Applying fluoride regularly helps to maintain a healthy balance between mineral loss and gain, enhancing overall dental health.

Enamel Remineralization

Enamel remineralization is a process that repairs the early signs of tooth decay by restoring lost minerals to the enamel layer. This natural repair process is continuously occurring in the mouth as minerals dissolve and redeposit from saliva.

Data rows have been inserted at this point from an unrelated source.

(* Let $\beta\in(1,3/2)$ and let $\mu$ be an arbitrary Borel probability measure on $S_\beta$. Then $$(m_1\otimes m_2\otimes\mu)\circ K_\beta^{-1}=(m_1\otimes m_2\otimes\mu)\circ R_\beta^{-1}=m_1\otimes m_2\otimes\nu,$$ where $\nu=ps\,\mu\circ\tau_1^{-1}+pt\,\mu\circ\tau_2^{-1}+p(1-s-t)\,\mu\circ\tau_3^{-1}+(1-p)s\,\mu\circ\tau_4^{-1}+(1-p)t\,\mu\circ\tau_5^{-1}+(1-p)(1-s-t)\,\mu\circ\tau_6^{-1}$.
   Context: $\vec q_0=(0,0)$, $\vec q_1=(1,0)$, $\vec q_2=(0,1)$; $S_\beta$ is the attractor of the IFS $f_{\vec q_i}(\vec z)=(\vec z+\vec q_i)/\beta$, here the closed triangle with vertices $(0,0)$, $(\frac1{\beta-1},0)$, $(0,\frac1{\beta-1})$. Subsets of $S_\beta$: $E_0=[0,\frac1\beta)\times[0,\frac1\beta)$; $E_1=\{0\le y<\frac1\beta,\ \frac{1}{\beta(\beta-1)}<x+y\le\frac{1}{\beta-1}\}$; $E_2=\{0\le x<\frac1\beta,\ \frac{1}{\beta(\beta-1)}<x+y\le\frac{1}{\beta-1}\}$; $C_{01}=\{x\ge\frac1\beta,\ 0\le y<\frac1\beta,\ x+y\le\frac{1}{\beta(\beta-1)}\}$; $C_{12}=\{x\ge\frac1\beta,\ y\ge\frac1\beta,\ \frac{1}{\beta(\beta-1)}<x+y\le\frac{1}{\beta-1}\}$; $C_{02}=\{0\le x<\frac1\beta,\ y\ge\frac1\beta,\ x+y\le\frac{1}{\beta(\beta-1)}\}$; $C_{012}=\{x\ge\frac1\beta,\ y\ge\frac1\beta,\ x+y\le\frac{1}{\beta(\beta-1)}\}$. Maps $\tau_k(\vec z)=\beta\vec z-a_k(\vec z)$, $k=1,\ldots,6$: $a_k=\vec q_i$ on $E_i$; on $C_{ij}$ ($ij\in\{01,12,02\}$) $a_k=\vec q_i$ for $k\le3$ and $\vec q_j$ for $k\ge4$; on $C_{012}$, $a_k=\vec q_0$ for $k\in\{1,4\}$, $\vec q_1$ for $k\in\{2,5\}$, $\vec q_2$ for $k\in\{3,6\}$. For a measure $\mu$, $\mu\circ\tau_k^{-1}$ denotes $A\mapsto\mu(\tau_k^{-1}(A))$. $\Omega=\{0,1\}^{\mathbb N}$, $\Upsilon=\{0,1,2\}^{\mathbb N}$ with product $\sigma$-algebras and left shifts $\sigma,\sigma'$. Fix $p\in(0,1)$, $s,t>0$, $s+t<1$; $m_1$ is the product measure on $\Omega$ with weights $p$ (symbol $0$) and $1-p$ (symbol $1$); $m_2$ is the product measure on $\Upsilon$ with weights $s,t,1-s-t$ on symbols $0,1,2$. $K_\beta$ on $\Omega\times\Upsilon\times S_\beta$: $K_\beta(\omega,\upsilon,\vec z)=(\omega,\upsilon,\beta\vec z-\vec q_i)$ if $\vec z\in E_i$; $(\sigma\omega,\upsilon,\beta\vec z-\vec q_i)$ if $\omega_1=0$, $\vec z\in C_{ij}$; $(\sigma\omega,\upsilon,\beta\vec z-\vec q_j)$ if $\omega_1=1$, $\vec z\in C_{ij}$; $(\omega,\sigma'\upsilon,\beta\vec z-\vec q_i)$ if $\vec z\in C_{012}$, $\upsilon_1=i$. $R_\beta$ on $\Omega\times\Upsilon\times S_\beta$: $R_\beta(\omega,\upsilon,\vec z)=(\sigma\omega,\sigma'\upsilon,\tau_k(\vec z))$ with $k=3\omega_1+\upsilon_1+1$ (i.e. $(\omega_1,\upsilon_1)=(0,0),(0,1),(0,2),(1,0),(1,1),(1,2)$ give $k=1,\ldots,6$). *)

From HB Require Import structures.
From mathcomp Require Import all_boot all_order all_algebra.
From mathcomp Require Import all_classical all_reals all_analysis.
Set Implicit Arguments. Unset Strict Implicit. Unset Printing Implicit Defensive.
Import Order.TTheory GRing.Theory Num.Theory.
Local Open Scope classical_set_scope.
Local Open Scope ring_scope.

Definition coord_sets (A : Type) : set (set (nat -> A)) :=
  [set C | exists n a, C = [set w | w n = a]].

(* Omega = {0,1}^N (symbol 0 = false, symbol 1 = true), index 0 = first symbol *)
Definition Omega := g_sigma_algebraType (@coord_sets bool).
(* 'I_3 is pointed (needed for the generated sigma-algebra) *)
HB.instance Definition _ := isPointed.Build 'I_3 ord0.
Definition Upsilon := g_sigma_algebraType (@coord_sets 'I_3).

Definition shift (A : Type) (w : nat -> A) : nat -> A := fun n => w n.+1.

Definition is_product_measure (A : Type) (R : realType)
    (wt : A -> R) (m : set (nat -> A) -> \bar R) : Prop :=
  forall (n : nat) (a : 'I_n -> A),
    m [set w | forall i : 'I_n, w i = a i] = (\prod_(i < n) wt (a i))%:E.

Definition wt1 (R : realType) (p : R) (b : bool) : R := if b then 1 - p else p.
Definition wt2 (R : realType) (s t : R) (i : 'I_3) : R :=
  if val i == 0%N then s else if val i == 1%N then t else 1 - s - t.

Section Pieces.
Variables (R : realType) (b : R).
Implicit Types z : (R * R)%type.

Definition S_beta : set (R * R) :=
  [set z | 0 <= z.1 /\ 0 <= z.2 /\ z.1 + z.2 <= (b - 1)^-1].

Definition c1 : R := (b * (b - 1))^-1.
Definition c2 : R := (b - 1)^-1.

Definition inE0 z := [&& 0 <= z.1, z.1 < b^-1, 0 <= z.2 & z.2 < b^-1].
Definition inE1 z := [&& 0 <= z.2, z.2 < b^-1, c1 < z.1 + z.2 & z.1 + z.2 <= c2].
Definition inE2 z := [&& 0 <= z.1, z.1 < b^-1, c1 < z.1 + z.2 & z.1 + z.2 <= c2].
Definition inC01 z := [&& b^-1 <= z.1, 0 <= z.2, z.2 < b^-1 & z.1 + z.2 <= c1].
Definition inC12 z := [&& b^-1 <= z.1, b^-1 <= z.2, c1 < z.1 + z.2 & z.1 + z.2 <= c2].
Definition inC02 z := [&& 0 <= z.1, z.1 < b^-1, b^-1 <= z.2 & z.1 + z.2 <= c1].
Definition inC012 z := [&& b^-1 <= z.1, b^-1 <= z.2 & z.1 + z.2 <= c1].

Definition q (i : nat) : R * R :=
  if i == 0%N then (0, 0) else if i == 1%N then (1, 0) else (0, 1).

Fluoride plays a critical role in this process by:

• Forming a barrier over demineralized areas, making them less vulnerable to further acid attacks.
• Enhancing the deposition of calcium and phosphate, which are essential for rebuilding enamel.

When fluoride ions are present, they decrease the solubility of the tooth enamel. This results in stronger and more acid-resistant surfaces, helping preserve teeth and prevent cavities.

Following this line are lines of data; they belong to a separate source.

Lemma exists_small_perturbation (T : eqType) (l : seq T) (D E : T -> R) :
  (forall w, w \in l -> D w = 0 -> E w != 0) ->
  exists2 t, 0 < t & forall w, w \in l ->
    D w + t * E w != 0 /\ (D w != 0 -> (0 < D w - t * E w) = (0 < D w + t * E w)).
Proof.
move=> DE; pose K := \sum_(w <- l) `|E w| / `|D w|.
have K0 : 0 <= K by apply: sumr_ge0 => w _; rewrite divr_ge0.
pose t := (1 + K)^-1; have t_gt0 : 0 < t by rewrite invr_gt0; lra.
have small w : w \in l -> D w != 0 -> `|t * E w| < `|D w|.
  move=> wl Dw; have Dp : 0 < `|D w| by rewrite normr_gt0.
  have : `|E w| / `|D w| <= K.
    by rewrite /K (big_rem _ wl) /= lerDl sumr_ge0 // => v _; rewrite divr_ge0.
  rewrite ler_pdivrMr // normrM ger0_norm; last exact: ltW.
  by move=> EK; rewrite mulrC ltr_pdivrMr; nra.
exists t => // w wl; have [Dw|Dw] := eqVneq (D w) 0.
  by rewrite Dw add0r mulf_neq0 ?DE // gt_eqF.
have [Dpos Dnz] := addr_small_sign (small w wl Dw).
have := @addr_small_sign (D w) (- (t * E w)).
rewrite normrN => /(_ (small w wl Dw)) [Dneg _].
by rewrite Dnz Dpos Dneg.
Qed.
End Perturbation.

Lemma exists_off_hyperplanes (R : realType) (n : nat) (vs : seq 'rV[R]_n) :
  exists x, forall v, v \in vs -> v != 0 -> dot v x != 0.
Proof.
elim: vs => [|v vs [x IH]]; first by exists 0.
pose l := [seq w <- v :: vs | w != 0].
have [|t _ Ht] := @exists_small_perturbation _ _ l (fun w => dot w x) (fun w => dot w v).
  move=> w; rewrite mem_filter inE => /andP [w0 /orP [/eqP wv _|wvs]].
    by rewrite wv dotvv_eq0 -wv.
  by move/eqP: (IH w wvs w0).
exists (x + t *: v) => w wl w0; rewrite dotDr dotZr.
by have [] := Ht w; rewrite // mem_filter w0.
Qed.

Lemma exists_argmax (d : Order.disp_t) (X : orderType d) (T : eqType)
    (f : T -> X) (l : seq T) :
  l != [::] -> exists2 m, m \in l & forall y, y \in l -> (f y <= f m)%O.
Proof.
elim: l => // a l IH _; have [->|/IH [m ml mmax]] := eqVneq l [::].
  by exists a => [|y]; rewrite ?mem_seq1 // => /eqP ->.
have [fam|fma] := leP (f a) (f m).
  by exists m => [|y]; rewrite inE ?ml ?orbT // => /orP [/eqP ->|/mmax].
exists a => [|y]; rewrite inE ?eqxx // => /orP [/eqP -> //|/mmax fym].
exact: le_trans fym (ltW fma).
Qed.

Lemma count_lt_subpred (T : eqType) (p q : pred T) (l : seq T) x :
  subpred p q -> x \in l -> q x -> ~~ p x -> (count p l < count q l)%N.
Proof.
move=> pq xl qx px.
have -> : count q l = (count p l + count (predD q p) l)%N.
  rewrite -count_predUI (@eq_count _ (predI _ _) pred0) ?count_pred0 ?addn0.
    by apply: eq_count => y /=; case py: (p y); rewrite ?(pq _ py).
  by move=> y /=; case: (p y); rewrite ?andbF.
by rewrite -addn1 leq_add2l -has_count; apply/hasP; exists x; rewrite //= px.
Qed.

Section StronglyOrthogonalFamily.
Variables (R : realType) (n : nat) (Phi : seq 'rV[R]_n) (s : 'M[R]_n).
Hypotheses (Phi0 : 0 \notin Phi)
  (Phi_refl : forall a b, a \in Phi -> b \in Phi -> refl a b \in Phi).

Lemma root_neq0 a : a \in Phi -> a != 0.
Proof. by move=> aPhi; apply: contraNneq Phi0 => <-. Qed.

Lemma rootN a : a \in Phi -> - a \in Phi.
Proof. by move=> aPhi; rewrite -reflvv ?root_neq0 ?Phi_refl. Qed.

Lemma root_addr_orth a b : a \in Phi -> dot a b = 0 ->
  (a + b \in Phi) || (a - b \in Phi) -> (a + b \in Phi) && (b - a \in Phi).
Proof.
move=> aPhi ab; have a0 := root_neq0 aPhi.
have abPhi : a + b \in Phi -> b - a \in Phi.
  by move=> abPhi; rewrite -refl_addr_orth ?Phi_refl.
case/orP => [/[dup] /abPhi -> -> //| a_bPhi].
have : - b - a \in Phi by rewrite -refl_addr_orth ?Phi_refl ?dotNr ?ab ?oppr0.
by rewrite -opprD addrC => /rootN; rewrite opprK => /[dup] /abPhi -> ->.
Qed.

Lemma foldr_refl_root bs a :
  {subset bs <= Phi} -> a \in Phi -> foldr (@refl R n) a bs \in Phi.
Proof.
move=> bsPhi aPhi; elim: bs bsPhi => //= b bs IH bsPhi.
apply: Phi_refl; first exact/bsPhi/mem_head.
by apply: IH => c cbs; apply/bsPhi; rewrite inE cbs orbT.
Qed.

Definition neg_orth (bs : seq 'rV[R]_n) : pred 'rV[R]_n :=
  fun a => (a *m s == - a) && all (fun b => dot a b == 0) bs.

Lemma neg_orth_cons b bs a : neg_orth (b :: bs) a = (dot a b == 0) && neg_orth bs a.
Proof. by rewrite /neg_orth /= andbCA. Qed.

Lemma neg_orthD bs a b : neg_orth bs a -> neg_orth bs b -> neg_orth bs (a + b).
Proof.
move=> /andP [/eqP sa /allP ab] /andP [/eqP sb /allP bb].
rewrite /neg_orth mulmxDl sa sb opprD eqxx; apply/allP => c cbs.
by rewrite dotDl (eqP (ab c cbs)) (eqP (bb c cbs)) addr0.
Qed.

Lemma neg_orthN bs a : neg_orth bs a -> neg_orth bs (- a).
Proof.
move=> /andP [/eqP sa /allP ab]; rewrite /neg_orth mulNmx sa eqxx.
by apply/allP => c cbs; rewrite dotNl (eqP (ab c cbs)) oppr0.
Qed.

Variable h : 'rV[R]_n.
Hypothesis h_reg : regular Phi h.

(* If [a + be] or [a - be] were a root, then [be + a] and [be - a] would both
   be roots in [neg_orth bs], and the maximality of [be] would force [(a, h) = 0]. *)
Lemma argmax_strongly_orth bs be a :
  be \in Phi -> neg_orth bs be ->
  (forall c, c \in Phi -> neg_orth bs c -> dot c h <= dot be h) ->
  a \in Phi -> neg_orth bs a -> dot a be = 0 -> strongly_orth Phi a be.
Proof.
move=> bePhi nbe bemax aPhi na abe.
rewrite /strongly_orth abe eqxx /=; apply/andP; split.
  by apply: contraNneq (root_neq0 bePhi) => a_be; rewrite -dotvv_eq0 -{1}a_be abe.
rewrite -negb_or; apply/negP => /(root_addr_orth aPhi abe) /andP [Phip Phim].
have := bemax _ Phip (neg_orthD na nbe); rewrite dotDl.
have := bemax _ Phim (neg_orthD nbe (neg_orthN na)); rewrite dotDl dotNl.
move=> le_sub le_add; have ah0 : dot a h = 0 by lra.
by move: (h_reg aPhi); rewrite ah0 eqxx.
Qed.

Definition greedy_inv (bs : seq 'rV[R]_n) : Prop :=
  [/\ forall b, b \in bs -> neg_root Phi s b,
      pairwise (strongly_orth Phi) bs
    & forall a, a \in Phi -> neg_orth bs a -> all (strongly_orth Phi a) bs].

Lemma greedy_inv_cons bs be :
  greedy_inv bs -> be \in Phi -> neg_orth bs be ->
  (forall c, c \in Phi -> neg_orth bs c -> dot c h <= dot be h) ->
  greedy_inv (be :: bs).
Proof.
move=> [bs_neg bs_so bs_adm] bePhi nbe bemax; split.
- move=> b; rewrite inE => /orP [/eqP -> | /bs_neg //].
  by split; move: nbe => /andP [/eqP].
- by rewrite /= bs_so bs_adm.
move=> a aPhi; rewrite neg_orth_cons => /andP [/eqP abe na] /=.
by rewrite (argmax_strongly_orth bePhi nbe) ?bs_adm.
Qed.

Lemma exists_maximal_greedy :
  exists bs, greedy_inv bs /\ ~~ has (neg_orth bs) Phi.
Proof.
suff greedy bs : greedy_inv bs ->
    exists bs', greedy_inv bs' /\ ~~ has (neg_orth bs') Phi.
  by apply: (greedy [::]); split.
have [k] := ubnP (count (neg_orth bs) Phi).
elim: k bs => // k IH bs cnt inv.
have [adm|] := boolP (has (neg_orth bs) Phi); last by exists bs.
have [|be] := exists_argmax (fun c => dot c h) (l := filter (neg_orth bs) Phi).
  by rewrite -size_eq0 size_filter -lt0n -has_count.
rewrite mem_filter => /andP [nbe bePhi] be_argmax.
have be_max c : c \in Phi -> neg_orth bs c -> dot c h <= dot be h.
  by move=> cPhi nc; apply: be_argmax; rewrite mem_filter nc.
apply: (IH (be :: bs)); last exact: greedy_inv_cons.
rewrite -ltnS (leq_trans _ cnt) // ltnS.
apply: (count_lt_subpred _ bePhi nbe).
  by move=> c; rewrite neg_orth_cons => /andP [].
by rewrite neg_orth_cons dotvv_eq0 (negPf (root_neq0 bePhi)).
Qed.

Hydroxyapatite and Fluorapatite Transformation

The transformation of hydroxyapatite to fluorapatite is an essential chemical reaction for strengthening teeth. Hydroxyapatite, the primary mineral in tooth enamel, can be partially converted to fluorapatite through the exchange of fluoride ions for hydroxide ions.

This reaction is expressed as:
\[\mathrm{Ca}_{5}\left(\mathrm{PO}_{4}\right)_{3}(\mathrm{OH})(s)+\mathrm{F}^{-}(aq) \rightleftharpoons \mathrm{Ca}_{5}\left(\mathrm{PO}_{4}\right)_{3}(\mathrm{~F})(s)+\mathrm{OH}^{-}(aq)\]

This transformation is beneficial because:

• Fluorapatite is more stable and less soluble than hydroxyapatite.
• It enhances the tooth's resistance to acidic conditions, which are common in the mouth due to diet and bacterial activity.

Overall, this conversion helps in maintaining healthy, decay-resistant teeth.